Data entries:

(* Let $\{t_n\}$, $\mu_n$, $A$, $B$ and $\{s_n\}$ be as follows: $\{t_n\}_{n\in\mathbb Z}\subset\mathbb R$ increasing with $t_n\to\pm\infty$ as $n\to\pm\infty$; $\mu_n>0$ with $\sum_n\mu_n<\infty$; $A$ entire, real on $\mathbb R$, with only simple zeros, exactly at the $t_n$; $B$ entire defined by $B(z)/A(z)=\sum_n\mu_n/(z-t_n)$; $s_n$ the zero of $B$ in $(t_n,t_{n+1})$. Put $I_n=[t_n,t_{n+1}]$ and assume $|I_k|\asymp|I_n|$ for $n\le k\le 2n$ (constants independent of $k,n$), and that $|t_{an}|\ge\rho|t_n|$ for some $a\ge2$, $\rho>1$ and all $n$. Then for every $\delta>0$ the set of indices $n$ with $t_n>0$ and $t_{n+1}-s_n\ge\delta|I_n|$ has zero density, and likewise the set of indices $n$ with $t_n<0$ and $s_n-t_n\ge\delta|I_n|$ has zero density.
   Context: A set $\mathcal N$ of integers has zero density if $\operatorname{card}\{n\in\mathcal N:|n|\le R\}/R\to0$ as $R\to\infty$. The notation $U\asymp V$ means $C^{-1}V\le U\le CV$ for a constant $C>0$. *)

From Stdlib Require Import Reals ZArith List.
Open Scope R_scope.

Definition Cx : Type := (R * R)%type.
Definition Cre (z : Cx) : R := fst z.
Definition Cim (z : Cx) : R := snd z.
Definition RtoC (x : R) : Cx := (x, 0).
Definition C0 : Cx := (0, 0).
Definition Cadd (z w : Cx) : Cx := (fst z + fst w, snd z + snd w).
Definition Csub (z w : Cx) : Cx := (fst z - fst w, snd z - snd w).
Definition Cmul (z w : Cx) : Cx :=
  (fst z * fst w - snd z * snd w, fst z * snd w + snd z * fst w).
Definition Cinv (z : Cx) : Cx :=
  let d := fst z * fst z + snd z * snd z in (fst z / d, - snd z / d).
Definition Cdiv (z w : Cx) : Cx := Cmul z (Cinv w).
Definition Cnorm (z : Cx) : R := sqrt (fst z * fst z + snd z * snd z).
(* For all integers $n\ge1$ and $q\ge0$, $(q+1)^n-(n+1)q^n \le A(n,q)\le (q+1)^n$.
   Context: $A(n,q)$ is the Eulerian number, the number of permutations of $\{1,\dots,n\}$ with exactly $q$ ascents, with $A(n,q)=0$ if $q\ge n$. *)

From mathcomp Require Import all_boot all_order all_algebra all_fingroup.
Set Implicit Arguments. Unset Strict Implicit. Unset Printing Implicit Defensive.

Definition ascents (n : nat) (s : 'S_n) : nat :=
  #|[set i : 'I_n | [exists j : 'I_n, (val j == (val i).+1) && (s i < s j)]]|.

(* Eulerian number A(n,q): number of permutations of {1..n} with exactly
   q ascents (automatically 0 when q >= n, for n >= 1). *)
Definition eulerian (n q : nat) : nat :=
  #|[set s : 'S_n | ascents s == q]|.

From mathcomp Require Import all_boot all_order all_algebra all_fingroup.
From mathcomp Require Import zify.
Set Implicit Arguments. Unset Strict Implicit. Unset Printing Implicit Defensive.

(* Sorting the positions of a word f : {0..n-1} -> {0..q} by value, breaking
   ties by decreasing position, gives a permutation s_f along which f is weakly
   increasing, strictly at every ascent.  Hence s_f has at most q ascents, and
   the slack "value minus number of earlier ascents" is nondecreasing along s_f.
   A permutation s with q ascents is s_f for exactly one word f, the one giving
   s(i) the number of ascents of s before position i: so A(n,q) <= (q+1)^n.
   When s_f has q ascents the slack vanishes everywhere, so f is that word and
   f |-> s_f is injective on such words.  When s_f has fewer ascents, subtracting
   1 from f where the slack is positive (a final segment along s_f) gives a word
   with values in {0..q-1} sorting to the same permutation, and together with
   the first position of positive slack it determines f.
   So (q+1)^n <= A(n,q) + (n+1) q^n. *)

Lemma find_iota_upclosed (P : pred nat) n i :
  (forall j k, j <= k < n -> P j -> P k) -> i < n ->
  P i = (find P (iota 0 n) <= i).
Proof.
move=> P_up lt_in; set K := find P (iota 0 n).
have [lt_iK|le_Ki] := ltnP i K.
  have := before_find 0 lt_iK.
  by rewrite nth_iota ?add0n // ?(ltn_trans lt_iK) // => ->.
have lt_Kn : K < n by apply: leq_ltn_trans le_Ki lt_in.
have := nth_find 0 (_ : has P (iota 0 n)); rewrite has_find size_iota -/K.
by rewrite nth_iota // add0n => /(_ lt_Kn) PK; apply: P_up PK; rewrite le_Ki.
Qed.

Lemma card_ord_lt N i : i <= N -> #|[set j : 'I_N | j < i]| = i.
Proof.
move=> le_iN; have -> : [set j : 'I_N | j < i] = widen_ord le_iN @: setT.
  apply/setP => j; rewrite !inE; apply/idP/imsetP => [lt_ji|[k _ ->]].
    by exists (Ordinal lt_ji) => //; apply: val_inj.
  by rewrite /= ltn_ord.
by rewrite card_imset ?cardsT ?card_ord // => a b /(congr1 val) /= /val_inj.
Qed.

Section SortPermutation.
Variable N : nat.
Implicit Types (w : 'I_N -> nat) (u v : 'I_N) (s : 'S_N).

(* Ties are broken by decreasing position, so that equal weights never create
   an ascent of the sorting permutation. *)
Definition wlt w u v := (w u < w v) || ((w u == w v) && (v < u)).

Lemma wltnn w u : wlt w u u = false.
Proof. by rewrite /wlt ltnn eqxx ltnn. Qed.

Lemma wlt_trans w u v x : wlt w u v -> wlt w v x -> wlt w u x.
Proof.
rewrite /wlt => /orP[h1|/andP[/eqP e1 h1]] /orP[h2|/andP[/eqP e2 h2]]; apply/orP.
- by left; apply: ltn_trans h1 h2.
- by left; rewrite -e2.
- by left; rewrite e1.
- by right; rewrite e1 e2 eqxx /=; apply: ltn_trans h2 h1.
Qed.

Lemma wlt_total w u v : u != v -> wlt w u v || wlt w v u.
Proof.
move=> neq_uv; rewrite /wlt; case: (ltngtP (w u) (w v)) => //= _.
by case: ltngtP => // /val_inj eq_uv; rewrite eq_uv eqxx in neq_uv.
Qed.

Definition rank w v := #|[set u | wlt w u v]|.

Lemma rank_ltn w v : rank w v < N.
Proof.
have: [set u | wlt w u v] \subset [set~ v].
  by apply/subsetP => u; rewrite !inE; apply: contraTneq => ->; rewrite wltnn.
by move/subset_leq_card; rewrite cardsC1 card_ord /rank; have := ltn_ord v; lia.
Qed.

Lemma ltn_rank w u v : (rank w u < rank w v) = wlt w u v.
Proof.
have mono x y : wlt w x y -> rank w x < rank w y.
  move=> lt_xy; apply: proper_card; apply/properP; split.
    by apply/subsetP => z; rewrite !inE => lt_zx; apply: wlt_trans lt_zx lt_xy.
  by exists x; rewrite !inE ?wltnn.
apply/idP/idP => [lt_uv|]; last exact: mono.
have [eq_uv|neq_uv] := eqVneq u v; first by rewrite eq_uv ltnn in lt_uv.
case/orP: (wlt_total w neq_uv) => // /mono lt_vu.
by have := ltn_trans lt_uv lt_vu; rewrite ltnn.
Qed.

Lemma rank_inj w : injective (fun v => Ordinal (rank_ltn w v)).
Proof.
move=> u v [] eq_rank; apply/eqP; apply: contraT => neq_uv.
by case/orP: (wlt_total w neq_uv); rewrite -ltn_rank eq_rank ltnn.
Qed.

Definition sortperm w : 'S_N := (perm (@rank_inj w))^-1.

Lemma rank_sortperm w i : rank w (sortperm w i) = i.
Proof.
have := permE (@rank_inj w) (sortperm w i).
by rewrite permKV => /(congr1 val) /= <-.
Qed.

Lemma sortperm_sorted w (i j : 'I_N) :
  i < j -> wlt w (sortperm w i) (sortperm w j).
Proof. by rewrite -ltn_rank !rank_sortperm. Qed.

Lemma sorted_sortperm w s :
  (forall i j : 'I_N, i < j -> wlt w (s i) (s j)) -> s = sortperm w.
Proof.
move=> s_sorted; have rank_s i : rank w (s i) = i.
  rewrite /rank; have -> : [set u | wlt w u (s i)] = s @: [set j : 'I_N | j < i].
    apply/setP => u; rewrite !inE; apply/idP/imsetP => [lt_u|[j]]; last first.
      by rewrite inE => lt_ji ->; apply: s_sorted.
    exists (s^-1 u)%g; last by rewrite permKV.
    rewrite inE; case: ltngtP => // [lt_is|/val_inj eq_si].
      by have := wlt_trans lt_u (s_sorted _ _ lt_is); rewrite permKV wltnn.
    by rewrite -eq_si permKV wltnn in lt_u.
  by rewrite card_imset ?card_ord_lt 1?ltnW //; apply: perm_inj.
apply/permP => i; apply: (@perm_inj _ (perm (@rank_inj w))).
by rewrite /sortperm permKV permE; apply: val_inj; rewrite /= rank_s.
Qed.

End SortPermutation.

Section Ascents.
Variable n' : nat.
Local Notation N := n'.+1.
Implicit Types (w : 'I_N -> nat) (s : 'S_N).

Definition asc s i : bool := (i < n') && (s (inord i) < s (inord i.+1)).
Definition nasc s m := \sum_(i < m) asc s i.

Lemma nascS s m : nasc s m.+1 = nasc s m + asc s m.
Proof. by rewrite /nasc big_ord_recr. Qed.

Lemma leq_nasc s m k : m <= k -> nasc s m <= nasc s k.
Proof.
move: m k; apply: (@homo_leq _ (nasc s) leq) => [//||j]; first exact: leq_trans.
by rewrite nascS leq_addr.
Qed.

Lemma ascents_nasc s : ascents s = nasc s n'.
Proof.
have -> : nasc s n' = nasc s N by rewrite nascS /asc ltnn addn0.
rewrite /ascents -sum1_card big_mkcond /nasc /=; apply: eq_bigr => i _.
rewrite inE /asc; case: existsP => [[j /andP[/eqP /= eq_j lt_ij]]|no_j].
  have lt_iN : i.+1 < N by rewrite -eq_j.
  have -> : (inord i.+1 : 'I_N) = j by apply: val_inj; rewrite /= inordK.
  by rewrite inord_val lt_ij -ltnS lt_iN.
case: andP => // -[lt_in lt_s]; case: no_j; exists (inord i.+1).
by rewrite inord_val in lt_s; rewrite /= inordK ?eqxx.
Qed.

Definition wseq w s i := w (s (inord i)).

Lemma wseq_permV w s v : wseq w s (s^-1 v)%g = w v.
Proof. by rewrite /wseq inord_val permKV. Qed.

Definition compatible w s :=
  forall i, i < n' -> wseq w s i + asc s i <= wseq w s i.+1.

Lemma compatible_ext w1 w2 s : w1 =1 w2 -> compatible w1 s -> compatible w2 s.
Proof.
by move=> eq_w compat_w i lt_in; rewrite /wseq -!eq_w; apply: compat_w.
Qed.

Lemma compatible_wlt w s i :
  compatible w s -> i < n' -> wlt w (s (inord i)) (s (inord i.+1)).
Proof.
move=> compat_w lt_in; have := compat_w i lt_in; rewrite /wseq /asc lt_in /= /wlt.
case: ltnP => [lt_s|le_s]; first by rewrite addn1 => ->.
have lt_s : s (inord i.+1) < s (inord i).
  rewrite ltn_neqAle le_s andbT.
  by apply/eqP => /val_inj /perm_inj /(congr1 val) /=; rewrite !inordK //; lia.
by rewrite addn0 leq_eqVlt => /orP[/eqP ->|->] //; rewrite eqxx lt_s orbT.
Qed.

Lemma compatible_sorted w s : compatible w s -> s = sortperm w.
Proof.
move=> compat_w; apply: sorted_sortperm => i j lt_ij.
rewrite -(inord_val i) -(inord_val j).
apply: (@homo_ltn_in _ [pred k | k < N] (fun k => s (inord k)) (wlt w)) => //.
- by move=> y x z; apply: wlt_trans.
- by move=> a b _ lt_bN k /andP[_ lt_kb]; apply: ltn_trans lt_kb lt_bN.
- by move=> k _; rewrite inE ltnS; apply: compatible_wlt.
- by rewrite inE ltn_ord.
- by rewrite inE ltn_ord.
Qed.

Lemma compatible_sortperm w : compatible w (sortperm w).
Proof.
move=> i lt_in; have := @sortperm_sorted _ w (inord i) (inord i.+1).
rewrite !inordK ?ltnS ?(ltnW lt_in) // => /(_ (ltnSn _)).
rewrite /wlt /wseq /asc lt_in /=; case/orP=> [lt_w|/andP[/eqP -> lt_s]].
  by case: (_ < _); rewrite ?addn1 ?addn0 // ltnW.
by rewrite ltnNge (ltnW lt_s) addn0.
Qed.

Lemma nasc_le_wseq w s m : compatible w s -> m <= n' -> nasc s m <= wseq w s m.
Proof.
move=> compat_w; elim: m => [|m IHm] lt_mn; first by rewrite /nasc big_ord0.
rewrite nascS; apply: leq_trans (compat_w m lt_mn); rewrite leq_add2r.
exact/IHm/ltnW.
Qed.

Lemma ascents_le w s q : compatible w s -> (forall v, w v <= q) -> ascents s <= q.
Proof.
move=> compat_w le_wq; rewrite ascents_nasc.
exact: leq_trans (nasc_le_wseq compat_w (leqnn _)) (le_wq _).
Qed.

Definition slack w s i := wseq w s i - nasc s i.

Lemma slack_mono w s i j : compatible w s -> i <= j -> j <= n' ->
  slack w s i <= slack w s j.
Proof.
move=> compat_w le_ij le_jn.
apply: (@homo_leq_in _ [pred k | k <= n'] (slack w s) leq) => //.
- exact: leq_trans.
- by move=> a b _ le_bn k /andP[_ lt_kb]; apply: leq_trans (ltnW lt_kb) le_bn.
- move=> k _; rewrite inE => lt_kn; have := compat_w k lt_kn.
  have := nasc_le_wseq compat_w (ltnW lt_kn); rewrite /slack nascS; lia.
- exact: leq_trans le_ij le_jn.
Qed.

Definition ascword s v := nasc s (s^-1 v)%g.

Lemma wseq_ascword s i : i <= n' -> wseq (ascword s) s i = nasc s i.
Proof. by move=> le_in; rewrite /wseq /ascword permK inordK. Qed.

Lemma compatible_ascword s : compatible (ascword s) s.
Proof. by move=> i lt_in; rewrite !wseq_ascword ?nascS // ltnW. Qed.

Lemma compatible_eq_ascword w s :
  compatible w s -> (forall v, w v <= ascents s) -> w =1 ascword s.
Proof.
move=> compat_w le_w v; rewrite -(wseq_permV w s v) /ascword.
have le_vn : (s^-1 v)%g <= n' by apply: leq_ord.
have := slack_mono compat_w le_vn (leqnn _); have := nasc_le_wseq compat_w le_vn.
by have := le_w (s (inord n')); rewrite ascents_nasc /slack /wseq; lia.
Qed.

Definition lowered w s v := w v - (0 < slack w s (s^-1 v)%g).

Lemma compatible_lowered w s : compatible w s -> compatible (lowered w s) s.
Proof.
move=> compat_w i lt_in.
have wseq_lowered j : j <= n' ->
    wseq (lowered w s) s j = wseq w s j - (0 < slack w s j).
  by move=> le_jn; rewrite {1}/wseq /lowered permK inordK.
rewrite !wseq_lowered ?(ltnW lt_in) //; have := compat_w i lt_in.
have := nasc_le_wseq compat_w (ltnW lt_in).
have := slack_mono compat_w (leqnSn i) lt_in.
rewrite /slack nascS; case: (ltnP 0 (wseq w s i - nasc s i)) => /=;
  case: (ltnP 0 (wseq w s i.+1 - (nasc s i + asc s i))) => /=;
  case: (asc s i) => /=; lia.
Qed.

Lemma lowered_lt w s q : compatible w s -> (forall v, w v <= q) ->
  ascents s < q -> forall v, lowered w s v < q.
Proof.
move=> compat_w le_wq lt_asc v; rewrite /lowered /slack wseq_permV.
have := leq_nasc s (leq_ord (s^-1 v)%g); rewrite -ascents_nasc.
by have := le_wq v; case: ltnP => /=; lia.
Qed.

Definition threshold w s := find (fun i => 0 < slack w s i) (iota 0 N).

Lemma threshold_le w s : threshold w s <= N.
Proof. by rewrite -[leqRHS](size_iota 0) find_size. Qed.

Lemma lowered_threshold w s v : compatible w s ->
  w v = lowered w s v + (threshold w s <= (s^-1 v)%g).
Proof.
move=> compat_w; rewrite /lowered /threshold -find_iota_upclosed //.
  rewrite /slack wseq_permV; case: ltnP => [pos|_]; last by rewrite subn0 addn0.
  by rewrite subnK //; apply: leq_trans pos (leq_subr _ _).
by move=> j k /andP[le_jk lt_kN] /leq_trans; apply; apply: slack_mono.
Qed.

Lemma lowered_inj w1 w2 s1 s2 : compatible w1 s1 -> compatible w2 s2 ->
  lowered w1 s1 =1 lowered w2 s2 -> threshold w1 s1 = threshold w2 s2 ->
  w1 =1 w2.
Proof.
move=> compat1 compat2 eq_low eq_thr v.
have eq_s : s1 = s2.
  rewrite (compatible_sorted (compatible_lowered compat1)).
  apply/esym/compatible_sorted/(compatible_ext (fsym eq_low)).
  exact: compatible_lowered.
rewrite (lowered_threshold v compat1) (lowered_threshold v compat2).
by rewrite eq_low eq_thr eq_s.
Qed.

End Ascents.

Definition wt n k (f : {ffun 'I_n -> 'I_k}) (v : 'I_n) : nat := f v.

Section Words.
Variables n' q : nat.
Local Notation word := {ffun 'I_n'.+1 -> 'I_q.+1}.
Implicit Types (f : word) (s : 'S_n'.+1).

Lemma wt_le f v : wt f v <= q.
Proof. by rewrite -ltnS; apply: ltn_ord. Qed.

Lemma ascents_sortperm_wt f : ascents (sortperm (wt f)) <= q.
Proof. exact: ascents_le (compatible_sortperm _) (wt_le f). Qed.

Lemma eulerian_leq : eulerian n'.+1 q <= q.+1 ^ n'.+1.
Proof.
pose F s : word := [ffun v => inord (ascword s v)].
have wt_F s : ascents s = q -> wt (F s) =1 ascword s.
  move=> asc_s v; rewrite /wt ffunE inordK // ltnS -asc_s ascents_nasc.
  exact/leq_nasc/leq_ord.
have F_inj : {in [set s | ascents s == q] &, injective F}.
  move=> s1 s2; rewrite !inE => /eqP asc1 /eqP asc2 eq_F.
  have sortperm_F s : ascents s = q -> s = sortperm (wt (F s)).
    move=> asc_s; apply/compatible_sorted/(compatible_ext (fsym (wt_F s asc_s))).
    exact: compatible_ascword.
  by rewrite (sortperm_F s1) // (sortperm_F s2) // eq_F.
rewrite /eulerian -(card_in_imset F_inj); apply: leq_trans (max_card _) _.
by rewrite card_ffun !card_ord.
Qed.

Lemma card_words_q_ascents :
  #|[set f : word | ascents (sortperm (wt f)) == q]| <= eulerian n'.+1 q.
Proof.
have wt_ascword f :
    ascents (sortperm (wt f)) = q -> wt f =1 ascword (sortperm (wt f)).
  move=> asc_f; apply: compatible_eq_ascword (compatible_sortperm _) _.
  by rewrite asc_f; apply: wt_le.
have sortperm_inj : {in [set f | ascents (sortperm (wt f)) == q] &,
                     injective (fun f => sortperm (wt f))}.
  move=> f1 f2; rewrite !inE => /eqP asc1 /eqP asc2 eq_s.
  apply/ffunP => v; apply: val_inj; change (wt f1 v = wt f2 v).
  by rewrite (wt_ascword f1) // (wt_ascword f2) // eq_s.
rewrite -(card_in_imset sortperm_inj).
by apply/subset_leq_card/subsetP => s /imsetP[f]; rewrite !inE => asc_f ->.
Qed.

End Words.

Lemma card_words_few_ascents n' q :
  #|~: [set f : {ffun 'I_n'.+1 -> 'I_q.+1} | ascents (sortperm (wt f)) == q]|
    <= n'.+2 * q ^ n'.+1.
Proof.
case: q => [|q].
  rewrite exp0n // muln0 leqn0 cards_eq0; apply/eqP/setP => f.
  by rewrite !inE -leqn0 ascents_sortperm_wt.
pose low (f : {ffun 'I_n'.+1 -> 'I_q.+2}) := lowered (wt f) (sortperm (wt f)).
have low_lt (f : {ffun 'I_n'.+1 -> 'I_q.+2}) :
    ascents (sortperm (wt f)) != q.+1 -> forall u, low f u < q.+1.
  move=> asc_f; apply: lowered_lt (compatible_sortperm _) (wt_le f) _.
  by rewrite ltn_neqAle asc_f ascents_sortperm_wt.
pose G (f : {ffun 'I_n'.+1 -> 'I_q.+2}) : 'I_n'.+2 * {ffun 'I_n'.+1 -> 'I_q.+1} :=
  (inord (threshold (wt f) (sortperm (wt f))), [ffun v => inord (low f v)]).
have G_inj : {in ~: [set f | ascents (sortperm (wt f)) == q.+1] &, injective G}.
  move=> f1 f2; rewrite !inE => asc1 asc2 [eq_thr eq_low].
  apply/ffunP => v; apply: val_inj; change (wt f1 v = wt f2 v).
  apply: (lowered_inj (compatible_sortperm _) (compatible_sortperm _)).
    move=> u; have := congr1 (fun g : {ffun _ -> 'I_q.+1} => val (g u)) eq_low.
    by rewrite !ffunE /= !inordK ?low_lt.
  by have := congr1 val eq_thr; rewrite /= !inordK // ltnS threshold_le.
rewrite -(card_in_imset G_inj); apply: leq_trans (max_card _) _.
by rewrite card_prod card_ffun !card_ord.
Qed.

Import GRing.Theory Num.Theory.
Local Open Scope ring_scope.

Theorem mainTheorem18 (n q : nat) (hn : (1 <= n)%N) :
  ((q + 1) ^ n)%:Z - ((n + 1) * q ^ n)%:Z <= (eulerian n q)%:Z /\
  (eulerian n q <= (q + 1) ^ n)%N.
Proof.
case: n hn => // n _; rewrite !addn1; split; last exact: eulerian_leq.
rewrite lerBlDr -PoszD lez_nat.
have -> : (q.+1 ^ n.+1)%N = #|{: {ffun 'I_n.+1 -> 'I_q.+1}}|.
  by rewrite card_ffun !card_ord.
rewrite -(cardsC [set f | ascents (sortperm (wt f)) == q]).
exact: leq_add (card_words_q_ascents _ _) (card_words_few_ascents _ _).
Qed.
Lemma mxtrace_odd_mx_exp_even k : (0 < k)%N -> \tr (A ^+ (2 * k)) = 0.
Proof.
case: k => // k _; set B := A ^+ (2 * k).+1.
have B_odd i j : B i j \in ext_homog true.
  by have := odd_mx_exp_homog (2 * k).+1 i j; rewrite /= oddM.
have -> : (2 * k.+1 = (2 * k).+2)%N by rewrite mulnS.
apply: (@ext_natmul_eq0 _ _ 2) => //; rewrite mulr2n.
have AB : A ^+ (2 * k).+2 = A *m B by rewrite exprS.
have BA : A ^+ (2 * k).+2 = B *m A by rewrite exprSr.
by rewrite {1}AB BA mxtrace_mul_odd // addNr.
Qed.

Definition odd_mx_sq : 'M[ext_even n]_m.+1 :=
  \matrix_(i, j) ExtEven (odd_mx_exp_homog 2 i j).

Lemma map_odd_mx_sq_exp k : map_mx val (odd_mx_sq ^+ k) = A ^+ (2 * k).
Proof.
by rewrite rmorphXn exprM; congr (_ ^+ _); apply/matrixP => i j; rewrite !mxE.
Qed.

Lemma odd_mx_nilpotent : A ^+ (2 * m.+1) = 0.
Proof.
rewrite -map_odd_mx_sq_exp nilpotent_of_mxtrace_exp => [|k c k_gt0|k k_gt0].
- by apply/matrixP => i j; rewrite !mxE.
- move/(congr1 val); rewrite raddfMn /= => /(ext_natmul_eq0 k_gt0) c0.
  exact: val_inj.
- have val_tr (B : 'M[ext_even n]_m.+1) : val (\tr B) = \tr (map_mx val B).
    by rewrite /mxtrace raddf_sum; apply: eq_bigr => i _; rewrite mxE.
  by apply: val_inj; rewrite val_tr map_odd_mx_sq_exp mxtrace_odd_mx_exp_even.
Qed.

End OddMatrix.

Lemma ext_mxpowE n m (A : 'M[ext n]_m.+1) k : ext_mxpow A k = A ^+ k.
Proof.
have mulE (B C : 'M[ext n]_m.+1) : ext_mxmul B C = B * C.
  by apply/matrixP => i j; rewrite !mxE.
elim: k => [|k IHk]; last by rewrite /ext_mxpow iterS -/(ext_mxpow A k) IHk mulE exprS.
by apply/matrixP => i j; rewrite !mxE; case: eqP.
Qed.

> [Task directions]
When the line with "exact: val_inj." is reached in the data above, begin copying, and stop after the line with "have mulE (B"; copy each line exactly, both ends included.

> [Task solution]
  exact: val_inj.
- have val_tr (B : 'M[ext_even n]_m.+1) : val (\tr B) = \tr (map_mx val B).
    by rewrite /mxtrace raddf_sum; apply: eq_bigr => i _; rewrite mxE.
  by apply: val_inj; rewrite val_tr map_odd_mx_sq_exp mxtrace_odd_mx_exp_even.
Qed.

End OddMatrix.

Lemma ext_mxpowE n m (A : 'M[ext n]_m.+1) k : ext_mxpow A k = A ^+ k.
Proof.
have mulE (B C : 'M[ext n]_m.+1) : ext_mxmul B C = B * C.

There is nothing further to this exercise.